No one so far seems fazed by the additional capacity of at least 20 vessels scheduled to join the world fleet in the next 18 months to two years. To some extent this may be bravado on the part of shipowners and contractors because everyone knows that at some point there will be too many vessels chasing too few jobs. Indeed Dalton Boutte, president of WesternGeco, told OE as much in an interview some time ago (OE April). Like other major contractors his view is that those companies with the state of the art vessels and differentiating technology are best equipped to ride out any difficulties.
That hypothesis has still to be tested. The pain experienced at the end of the 1990s when the seismic market tanked big time did not seem to be selective. In other words, all seismic contractors both big and small, were adversely affected. Admittedly the prevailing conditions are different. Over-supply of vessels coupled with an acute lack of demand is certainly not the case now as it was 10 years ago. Then, the oil industry was embroiled in an orgy of consolidation and downsizing against a backdrop of a dramatic drop in oil price (which at $10-12 a barrel seems a little comical these days). Oil companies had no incentive to invest heavily in exploration and were engaged in satisfying shareholders with a strategy of cutting costs and acquiring acreage and producible assets through mergers and acquisition.
Renewed enthusiasm
The huge increase in crude prices is clearly a big reason for the renewed enthusiasm for seismic exploration. Hydrocarbon accumulations which would have been deemed marginal or uneconomic are now prospective and worth looking for.
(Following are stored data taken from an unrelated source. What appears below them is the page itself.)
(* Let $S$ be a Strassen preordered semiring. Then for nonzero $x, y \in S$, the following are equivalent: (1) $f(x) \geq f(y)$ for every monotone semiring homomorphism $f : S \to \mathbb{R}_+$. (2) For every $\varepsilon > 0$, there are $m, n \in \mathbb{N}_{>0}$ and nonzero $z \in S$ such that $m \leq \varepsilon n$ and $n\, z\, x + m\, z \geq n\, z\, y$. (3) For every $\varepsilon > 0$, there are $m, n \in \mathbb{N}_{>0}$ and nonzero $z \in S$ such that $\frac{m}{n} \leq 1 + \varepsilon$ and $m\, z\, x \geq n\, z\, y$. (4) For every $\varepsilon > 0$, there are $k, n \in \mathbb{N}_{>0}$ such that $k \leq \varepsilon n$ and $2^k x^n \geq y^n$. Moreover, if $f(x) > f(y)$ for every monotone semiring homomorphism $f : S \to \mathbb{R}_+$, then there are nonzero $z, w \in S$ with $zx + w \geq zy + w$.
   Context: A semiring is a set with two commutative monoid structures, addition (neutral element $0$) and multiplication (neutral element $1$), with multiplication distributing over addition; a semiring homomorphism preserves $+$, $\cdot$, $0$ and $1$. A preordered semiring is a semiring $S$ with a preorder $\geq$ such that $x \geq y$ implies $x + z \geq y + z$ and $xz \geq yz$ for all $z \in S$. A semiring homomorphism between preordered semirings is monotone if it preserves the preorder; $\mathbb{R}_+$ carries its usual order. A preordered semiring $S$ with $1 \geq 0$ is Strassen preordered if the unique homomorphism $\mathbb{N} \to S$ is an order embedding (i.e. for $a,b\in\mathbb{N}$, $a \geq b$ in $S$ iff $a \geq b$ in $\mathbb{N}$), and for every nonzero $x \in S$ there is $\ell \in \mathbb{N}$ with $\ell x \geq 1$ and $\ell \geq x$. $\mathbb{N}_{>0}$ denotes the positive integers. *)

From HB Require Import structures.
From mathcomp Require Import all_boot all_order all_algebra.
From mathcomp Require Export Rstruct.
Set Implicit Arguments. Unset Strict Implicit. Unset Printing Implicit Defensive.
Import Order.TTheory GRing.Theory Num.Theory.
Local Open Scope ring_scope.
International oil companies are running out of reserves, but are facing fewer and fewer access opportunities in which to search for replacements, hence some urgency in their exploration efforts. But Big Oil is by no means the main driver. In the North Sea, for example, the BPs and Shells are giving up on squeezing the last drop out of some maturing assets and relinquishing small finds because for them the economics and resource allocation required for development do not make sense. This process is opening the field to a new generation of aggressive independents, many on the back of venture capital or listing on junior stock market exchanges. They believe that they can profitably take advantage of modern geoscientific methods to prove up and produce minor league assets which are beneath the dignity of their bigger rivals. The recent 2008 economic report from UK Oil & Gas, the representative body of the UK offshore oil and services industry, has a graph showing the growing contribution being made by smaller independents.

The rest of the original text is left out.